Paper Number
SC19 James Swan Memorial Symposium
Session
Suspensions and Colloids
Title
Learning physically-informed differential viscoelastic constitutive equations from data
Presentation Date and Time
October 10, 2022 (Monday) 6:05
Track / Room
Track 1 / Sheraton 4
Authors
- Lennon, Kyle R. (Massachusetts Institute of Technology, Chemical Engineering)
- McKinley, Gareth H. (Massachusetts Institute of Technology, Mechanical Engineering)
- Swan, James W. (Massachusetts Institute of Technology, Chemical Engineering)

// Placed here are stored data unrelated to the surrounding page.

Lemma RF_gen r a : Rker r -> RF (lbr r a).
Proof. by move=> Rr; apply: brS_gen. Qed.

Lemma RFF_of_RF u b : RF u -> RFF (lbr u b).
Proof. by move=> RFu; apply: brS_gen. Qed.

Lemma RFF_gen r a b : Rker r -> RFF (lbr (lbr r a) b).
Proof. by move=> Rr; apply/RFF_of_RF/RF_gen. Qed.

Lemma RFF_gen_mid r a b : Rker r -> RFF (lbr (lbr a r) b).
Proof. by move=> Rr; rewrite [lbr a r]lbr_anti linearNl /=; apply/spanN/RFF_gen. Qed.

Lemma RFF_gen_inner r a b : Rker r -> RFF (lbr r (lbr a b)).
Proof.
move=> Rr; have /eqP := lbr_jacobi_swap r b a.
by rewrite addrC -subr_eq eq_sym => /eqP ->; apply: spanB; apply: RFF_gen.
Qed.

Lemma RFF_gen_last r a b : Rker r -> RFF (lbr (lbr a b) r).
Proof.
by move=> Rr; rewrite lbr_anti [lbr a b]lbr_anti linearNr /= opprK; apply: RFF_gen_inner.
Qed.

Lemma RFF_br_L3 r u : Rker r -> L3 F u -> RFF (lbr r u).
Proof.
move=> Rr L3u; elim/L3_ind: u / L3u => [|c u v|x y z]; first by rewrite linear0r; apply: span0.
  by rewrite linearPr /=; apply: spanZD.
exact: RFF_gen_inner.
Qed.

Section BasisModRFF.
Variables (d : nat) (x : 'I_d -> F).

Definition span_modRFF := Defs.span (fun v => RFF v \/ exists i, v = x i).

Lemma span_modRFF_RFF v : RFF v -> span_modRFF v.
Proof. by move=> RFFv; apply: span_gen; left. Qed.

Lemma span_modRFF_basis i : span_modRFF (x i).
Proof. by apply: span_gen; right; exists i. Qed.

Lemma span_modRFF_congr u v : RFF (u - v) -> span_modRFF v -> span_modRFF u.
Proof. by move=> RFFuv Sv; rewrite -(subrK v u); apply/spanD/Sv/span_modRFF_RFF. Qed.

Lemma two_nil_mult_of_basis :
  (forall u, L3 F u -> Rker u) ->
  (forall i, L3 F (x i)) ->
  (forall c, RFF (\sum_i c i *: x i) -> forall i, c i = 0) ->
  (forall u, L3 F u -> span_modRFF u) ->
  two_nil_mult_abelian_of_dim pi d.
Proof.
move=> RL3 L3x x_free x_span; split=> [u v [Ru _] [_ L3v]|]; first exact: RFF_br_L3.
exists x; split; [|split] => //; first by move=> i; split; [apply: RL3|].
by move=> u [_ /x_span/span_range_decomp].
Qed.
(* Let $n,d,k\in\mathbb{N}$ with $d\ge16k\ge32$, and set $\beta=1+\frac12\log\big(\frac{d}{16k}\big)$. Let $P^1,\dots,P^d$ be independent draws from $\mathsf{Beta}(\beta,\beta)$ and let $X\in(\{0,1\}^d)^n$ have entries $X_i^j$ independent conditioned on $P$ with $\mathbb{E}[X_i^j\mid P]=P^j$. Let $M:(\{0,1\}^d)^n\to\{0,1\}^d$ be $(1,1/(8nd))$-differentially private. Suppose that for every $j\in[d]$, conditioned on $P$ (probabilities over $X$ and the randomness of $M$): (1) if $P^j\le\frac78-\frac3{16}$ then $\Pr[M(X)^j=1]\le\frac{k}{16d}$; (2) if $P^j\ge\frac78$ then $\Pr[M(X)^j=1]\ge1-\frac1{16}$. Then $n\ge\frac1{16}\sqrt{k}\,\log\big(\frac{d}{16k}\big)$.
   Context: A dataset $x\in(\{0,1\}^d)^n$ is an $n\times d$ matrix with rows $x_i$; two datasets are neighbors if they differ in at most one row. A randomized algorithm $M$ is $(\varepsilon,\delta)$-differentially private if for all neighboring $x,x'$ and all sets $R$ of outputs, $\Pr[M(x)\in R]\le e^\varepsilon\Pr[M(x')\in R]+\delta$. $\mathsf{Beta}(\alpha,\beta)$ has density proportional to $p^{\alpha-1}(1-p)^{\beta-1}$ on $[0,1]$. $\log$ is the natural logarithm. *)

From Stdlib Require Import Reals.
From mathcomp Require Import all_boot.
Set Implicit Arguments. Unset Strict Implicit. Unset Printing Implicit Defensive.

Open Scope R_scope.

Definition row (d : nat) := {ffun 'I_d -> bool}.
Definition dataset (n d : nat) := {ffun 'I_n -> row d}.

(* A randomized algorithm M : ({0,1}^d)^n -> {0,1}^d, represented by its
   output distribution: M x o = Pr[M(x) = o]. *)
Definition mech (n d : nat) := dataset n d -> row d -> R.

Definition is_mech (n d : nat) (M : mech n d) : Prop :=
  forall x : dataset n d,
    (forall o, 0 <= M x o) /\ \big[Rplus/0]_(o : row d) M x o = 1.

Definition prob_out (n d : nat) (M : mech n d) (x : dataset n d)
  (S : pred (row d)) : R :=
  \big[Rplus/0]_(o : row d | S o) M x o.

Definition neighbors (n d : nat) (x x' : dataset n d) : Prop :=
  exists i : 'I_n, forall i' : 'I_n, i' <> i -> x i' = x' i'.

Definition diff_private (n d : nat) (eps delta : R) (M : mech n d) : Prop :=
  forall x x' : dataset n d, neighbors x x' ->
    forall S : pred (row d),
      prob_out M x S <= exp eps * prob_out M x' S + delta.

(* Conditional on P = p, the entries X_i^j are independent Bernoulli(p^j):
   probability of the dataset x. *)
Definition bern_weight (n d : nat) (p : 'I_d -> R) (x : dataset n d) : R :=
  \big[Rmult/1]_(i : 'I_n) \big[Rmult/1]_(j : 'I_d)
     (if x i j then p j else 1 - p j).

(* Pr[M(X)^j = 1 | P = p], over X and the coins of M. *)
Definition cond_prob_coord (n d : nat) (M : mech n d) (p : 'I_d -> R)
  (j : 'I_d) : R :=
  \big[Rplus/0]_(x : dataset n d)
     (bern_weight p x * prob_out M x (fun o : row d => o j)).

Definition beta_param (d k : nat) : R :=
  1 + / 2 * ln (INR d / (16 * INR k)).

(* Fingerprinting with the uniform prior on p in [0,1]^d.  Write
   G_j(p) = Pr[M(X)^j = 1] and c_j(p) = E[1{M(X)^j = 1} * sum_i (X_i^j - p_j)].
   Resampling one row at a time and applying privacy to the positive part of the
   score <M(X), X_i - p>, which is at most (Y^2/lam + lam)/2 with E[Y^2] <= |M(X)|/4,
   gives sum_j c_j <= n (e (sum_j G_j / (4 lam) + lam) / 2 + delta d) for every lam > 0.
   Conversely c_j = p_j (1 - p_j) dG_j/dp_j, so integrating by parts in p_j gives
   int c_j dp_j = int G_j (2 p_j - 1) dp_j, which the accuracy thresholds bound from
   below, while they bound int G_j dp_j from above.  Averaging over the cube and taking
   lam = sqrt d yields n >= sqrt d / 32, and sqrt d / 32 >= sqrt k ln(d/16k) / 16 because
   ln r <= 2 sqrt r. *)

From Stdlib Require Import Reals Lra.
From mathcomp Require Import all_boot.
From HB Require Import structures.
From Coquelicot Require Import Coquelicot.
Open Scope R_scope.
Set Implicit Arguments. Unset Strict Implicit. Unset Printing Implicit Defensive.
Set Warnings "-notation-overridden -redundant-canonical-projection -ambiguous-paths".

Lemma RplusA : associative Rplus. Proof. by move=> a b c; ring. Qed.
Lemma RmultA : associative Rmult. Proof. by move=> a b c; ring. Qed.
HB.instance Definition _ := Monoid.isComLaw.Build R 0 Rplus RplusA Rplus_comm Rplus_0_l.
HB.instance Definition _ := Monoid.isComLaw.Build R 1 Rmult RmultA Rmult_comm Rmult_1_l.
HB.instance Definition _ := Monoid.isMulLaw.Build R 0 Rmult Rmult_0_l Rmult_0_r.
HB.instance Definition _ :=
  Monoid.isAddLaw.Build R Rmult Rplus Rmult_plus_distr_r Rmult_plus_distr_l.

Section BigR.
Variables (I : Type) (s : seq I) (P : pred I).

Lemma sumR_le (F G : I -> R) : (forall i, P i -> F i <= G i) ->
  \big[Rplus/0]_(i <- s | P i) F i <= \big[Rplus/0]_(i <- s | P i) G i.
Proof. by move=> FG; apply: (big_ind2 (fun x y => x <= y)) => // *; lra. Qed.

Author and Affiliation Lines
Kyle R. Lennon1, Gareth H. McKinley2 and James W. Swan1
1Chemical Engineering, Massachusetts Institute of Technology, Cambridge, MA 02139; 2Mechanical Engineering, Massachusetts Institute of Technology, Cambridge, MA 02142
Speaker / Presenter
Lennon, Kyle R.
Keywords
theoretical methods; computational methods; AI based; ML based
Text of Abstract
Although a substantial body of work has been dedicated to deriving viscoelastic constitutive equations for particular classes of materials directly from physical considerations, these models often cannot sufficiently describe the diverse response space of viscoelastic materials in common experimentally and industrially relevant conditions. Recently, the advent of widely available machine learning (ML) tools has given rise to a new approach: learning constitutive models directly from data. While current ML approaches have shown some success in very particular circumstances, they are not easily portable to different flow conditions, tend to accommodate training data taken only by specific experimental protocols, and do not enforce key physical constraints such as invariance to rotating frames of reference. Here, we present a framework for learning physically-informed differential viscoelastic constitutive equations that combines the salient features of ML and physically-informed approaches. These models, which we call “rheological universal differential equations” (RUDEs), comprise the upper-convected Maxwell (UCM) model as a foundation with an added tensor-valued neural network, which takes the rate-of-deformation and deviatoric stress tensors as inputs. The UCM model provides a viscoelastic scaffolding for the model, allowing the neural network to rapidly learn material-specific features while preserving constraints such as frame invariance. Moreover, because RUDEs are differential and tensorial in form, they may be trained on -- and ultimately used to predict -- any observable related to the stress or strain measured in an arbitrary flow protocol. We demonstrate these capabilities using RUDEs trained on both synthetic data from well-known constitutive models, and experimental data describing prototypical viscoelastic materials. With the increased availability of a wide breadth of experimental data for viscoelastic materials, RUDEs open new avenues for efficient and accurate data-driven rheological modeling.